Monday, November 10, 2008
Breath Deeply
Dear Mo was a true-blue, super-duper trooper today at the vets. She surprised everyone, by being so good, and so still through all of her testing, that there was no need to give her any anesthesia, and we were able to come and get her earlier then they had expected. I am very proud of her, as I know that she was very afraid, (resulting in a few accidents, but that is to be expected.)

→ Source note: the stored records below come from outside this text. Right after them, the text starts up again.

Lemma center_unit_central_cone r : CU r -> CC r.
Proof.
move=> hr; right; rewrite nrm_c /nrm.
by split; apply: center_unit_mul => //; exact: center_unit_c.
Qed.

Lemma central_cone_c x : CC x -> CC (c x).
Proof. by case=> [->|[h1 h2]]; [left; exact: c0 | right; rewrite (c_invol HA)]. Qed.

Lemma normal_cone_c x : NC x -> NC (c x).
Proof. by case=> [->|[h1 h2]]; [left; exact: c0 | right; rewrite (c_invol HA)]. Qed.

Lemma normal_central_cone x : NC x -> CC x.
Proof. by case=> [->|[h1 h2]]; [left | right; split; exact: real_nz_center_unit]. Qed.

Lemma central_cone_nrm_center x : CC x -> Cen (NRM x).
Proof. by case=> [->|[[] //]]; rewrite /nrm c0 mul0r; exact: center0. Qed.

Lemma central_cone_nrm_c x : CC x -> NRM x = NRM (c x).
Proof.
case=> [->|[[hu _] [hw [w' [_ [e1 _]]]]]]; first by rewrite c0.
rewrite nrm_c in hw e1 *.
(* flexibility, n(x) x = x n(x^c), yields n(x) n(x^c) = n(x^c) n(x^c); cancel n(x^c) *)
have flex : NRM x ** x = x ** (c x ** x).
  exact: assoc_eq0_mulA (assoc_alt13 HA x (c x)).
have e : NRM x ** (c x ** x) = c x ** x ** (c x ** x).
  rewrite -(center_mulCA hu) flex.
  by rewrite -(assoc_eq0_mulA (center_assoc_r hw (c x) x)).
have := congr1 (mul^~ w') e.
by rewrite /= (center_mulA hu) (center_mulA hw) e1 !(mulx1 HA).
Qed.

Lemma central_cone_inverse x v : CC x -> Cen v -> NRM x ** v = one ->
  x ** (v ** c x) = one /\ v ** c x ** x = one.
Proof.
move=> hx hv e1; have e2 : v ** NRM x = one by rewrite (center_comm hv).
split; first by rewrite (center_mulCA hv).
by rewrite (center_mulA hv) -nrm_c -(central_cone_nrm_c hx).
Qed.

Lemma central_cone_inverse_eq x v y : CC x -> Cen v -> NRM x ** v = one ->
  x ** y = one -> y ** x = one -> y = v ** c x.
Proof.
move=> hx hv e1 hxy hyx; have [i1 _] := central_cone_inverse hx hv e1.
by rewrite -(mul_inverseKl (v ** c x) hyx hxy) i1 (mulx1 HA).
Qed.

Lemma central_cone_assoc x : CC x -> forall t, A x (c x) t = 0.
Proof.
case=> [->|[hu hw]] t; first by rewrite assoc0l.
case: (hu) => hu0 [v [hv [e1 _]]].
have [i1 i2] := central_cone_inverse (or_intror (conj hu hw)) hv e1.
have -> : c x = NRM x ** (v ** c x) by rewrite -(center_mulA hu0) e1 (mul1x HA).
by rewrite assoc_center_m // assoc_inverse // mul0r.
Qed.

Lemma nrm_mul x y : Cen (NRM y) -> (forall t, A x (c x) t = 0) ->
  (forall t, A y (c y) t = 0) -> NRM (x ** y) = NRM y ** NRM x.
Proof.
rewrite /nrm => hu Px Py; rewrite (c_antimul HA).
have E : A x y (c y ** c x) = 0.
  have := teichmuller y (c y) (c x) x.
  have k : A (c y) (c x) x = 0 by rewrite assoc_cycle assoc_skew12 Px oppr0.
  rewrite (center_assoc_l hu) Py Py k mul0l mul0r sub0r !addr0.
  by rewrite -assoc_cycle => /eqP; rewrite oppr_eq0 => /eqP.
by rewrite (assoc_eq0_mulA E) -(assoc_eq0_mulA (Py (c x))) (center_mulCA hu).
Qed.

Lemma central_cone_nrm_mul x y : CC x -> CC y -> NRM (x ** y) = NRM y ** NRM x.
Proof.
by move=> hx hy; apply: nrm_mul; [exact: central_cone_nrm_center | exact: central_cone_assoc ..].
Qed.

Unfortunately the x-ray showed a large mass, and the vet is 85% sure it is cancer. He also concurred with my own research saying that would give us only another 3 to 6 months with our sweet baby girl. Suffice to say that I have cried a lot of tears today.
To be 100% sure of it being cancer, we would have to take her to a specialist for more tests and procedures, but everyone, including Mo's doctor, felt that it was best to just let this take it's own course of action, making each day the best it can be for her, as nothing can really be done for this type of cancer, and her quality of life would suffer if put through extra testing, and treatment. The last thing that I want is for Molasses to suffer.
Interestingly Mo has been the picture of health the last few days, and all of her symptoms have gone away... I like to think it is from all the well wishes, prayers and good energy that everyone has been sending. Thank you and keep it coming, as the vet said that if we can keep her going past the 6 month mark, then there is a good chance that she was actually in that other 15%, and the mass isn't cancer. He said that he didn't want to give me false hope, but I will take any and all hope that I can get.
In the midst of my tears and sadness, I have been filled with tremendous gratitude for all of the days that I have been so blessed to spend with Molasses BooDill, and I will be profoundly grateful for each more day I get to spend with her. I assure you, I have never taken her for granted, and often marvel at how such one little being can bring such enormous joy to all who meet her.
I also assure you that she will be getting lots of extra belly rubs and snuggle time, and almost anything else her little heart desires. Please continue to keep her in your thoughts from time to time, and hopefully she will defy the odds.
Thank you to each and everyone of you who took the time to comment or to email. Your kindness is deeply appreciated, and will not be forgotten.